I saw the movie Still Alice last night.
It is a story about a very accomplished professor at Columbia University who is diagnosed with early onset Alzheimer’s. It is a tragic tale of how she tries desperately to hold onto memories, all the while slipping down this slope of inevitable and complete memory loss and ultimate death. The disease is devastating.
My grandmother had it and I watched my mother and father take care of her for years without her knowing where she was or who was taking care of her. Grandma Rae was a strong and vibrant woman who had the knack for betting on the long shots and always winning. My grandfather would always bet on the sure thing and he would lose more times than win. And every time he thought Rachel was crazy for choosing the horses the way she did, she would always have the last laugh. She would be counting her money while he’d be asking her to lend him some more for the next bet. She was always his good luck charm. But her luck ran out when she was diagnosed later in life with Alzheimer’s. And this movie just brought me back to those memories.
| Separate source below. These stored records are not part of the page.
(* Let $\pi=x_1^2x_2^2x_3^2$ (with distinct variables $x_1,x_2,x_3$). For every $m\ge4$, $\mathrm{TD}(\pi,\Pi^2_{\infty,m,cf})=\infty$.
   Context: Fix a countably infinite set $X$ of variables and an alphabet $\Sigma$ with $|\Sigma|=2$, disjoint from $X$. A pattern is a nonempty finite string over $X\cup\Sigma$; it is constant-free if it contains no letter. A substitution is a morphism $(X\cup\Sigma)^*\to\Sigma^*$ fixing letters; $L(\pi)$ (erasing pattern language) is the set of all images of $\pi$. $\Pi^2_{\infty,m,cf}$ is the class of constant-free patterns over a binary alphabet in which every variable occurs at most $m$ times. A labelled example is $(w,\pm)$ with $w\in\Sigma^*$; a teaching set for $\pi$ w.r.t. a class $\Pi$ is a set $T$ of labelled examples consistent with $\pi$ ($w\in L(\pi)$ iff label $+$) such that every $\tau\in\Pi$ consistent with $T$ has $L(\tau)=L(\pi)$; $\mathrm{TD}(\pi,\Pi)$ is the minimum size of such a set, $\infty$ if no finite teaching set exists. *)

From mathcomp Require Import all_boot.
Set Implicit Arguments. Unset Strict Implicit. Unset Printing Implicit Defensive.

(* Alphabet Sigma = bool (|Sigma| = 2); words are seq bool.
   Variables X = nat (countably infinite, disjoint from Sigma).
   A symbol of a general pattern is either a variable or a letter. *)
Definition symbol := (nat + bool)%type.
Definition pattern := seq symbol.

Definition constant_free (p : pattern) : bool :=
  all (fun a => if a is inl _ then true else false) p.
There is a line in the movie where Julianne Moore’s character says “My yesterdays are disappearing, and my tomorrows are uncertain, so what do I live for? I live for each day. I live in the moment.” I understand completely from where the author, Lisa Genova, wrote that line. I cannot, nor will I ever, compare my situation to anyone else’s, especially one who has suffered for years with this debilitating disease, but I had a glimpse of my life slipping away from me. In the 3 months prior to my AFE, I felt I needed to hold onto and make as many memories as I could. I felt the countdown to the end of my life beginning and I wanted to absorb every memory I had of my husband and my 2 daughters. I imagined the talks I would have had with them as they grew older and who Jacob would look like and what kind of man he would become. I tried to emblazon every single second in my mind so I could take those memories with me to the grave.
People ask hypothetically all the time, “What would be worse in the end, to lose the function of the body or the mind?” I have to say, for me it would definitely be the mind. I want to be conscious of everything around me. The names, faces, the way to communicate and show love. Jonathan’s grandmother, Ruth Proskauer Smith, was 104 when she died. And she had her memory intact. She was a marvel at Scrabble, a challenge to argue with and a whiz at historical events, dates and details, only a Jeopardy contestant would know off the top of her head. She worked with Gloria Steinham to create NOW, she taught a class about the Supreme Court as a hobby in her 80s and she went to visit the Vatican when she was 92. As a centenarian, she took NYC transit every day. She was independent and happy to lend her mind for a cause.
I never realized how much of an impact Jonathan’s grandmother had on every person she encountered. The same could be said of my grandmother, who died at 95. They were both very strong-willed, driven towards different goals, but in the end, both had suffered when they lost their husbands many years before and both ended life as we know it with peace and family by their sides. One left this Earth with her mind unscathed and the other did not. I can tell you from first hand experience, losing the capabilities of your body is much “easier” to deal with than the mind. Ruth was able to say goodbye, acknowledge it was her time and donated her brain to science, (this was the ultimate gift she wanted to give) always thinking of the future and generations to come. My grandmother was scared, thought she was my mother’s daughter, woke up terrified almost every day, and would scream this haunting and horrific wail throughout the day. She was tortured until the moment she rested in peace.
Death in this physical world is beyond excruciating to the ones left behind, but if I can give a little peace to anyone reading this, the ones who are leaving are fine. Of course they never wanted to leave the physical touch and smell of this world. Absolutely they miss being able to speak to you in the traditional way. But they most certainly do not miss being ill, being in pain and having to wonder if today will be the day that they are passing. Where they are now, they are no longer in pain, they are stronger and healthier and they are able to see you and everything you see (just from a different angle). They are not there 24/7 because they are busy playing catch up with the ones who left them years before. So if you are wondering whether they are watching you shower (or doing anything else)– I’m thinking they are not pre-occupied with it, so you shouldn’t be.
I am glad I am alive and I am even happier that I can make more moments.
I cry at almost everything related to my family. My husband can’t let one day go by without telling me how grateful he is that our family is what it is today. It is all good. Even when it is not so good. I still have to get checkups more frequently than not. I still get scared going to the neurologist. I have to go in periodically and do those memory tests, akin to the ones in the movie and I worry I will fail, each and every time I am there. Only time will tell what the long term affects will be from suffering an AFE. But I am glad for this moment. The moment where I sit here at my computer, writing this, knowing I will crawl into bed and spend a restful night dreaming about more memories I will make with my family again tomorrow. Overjoyed, because I am Still Here!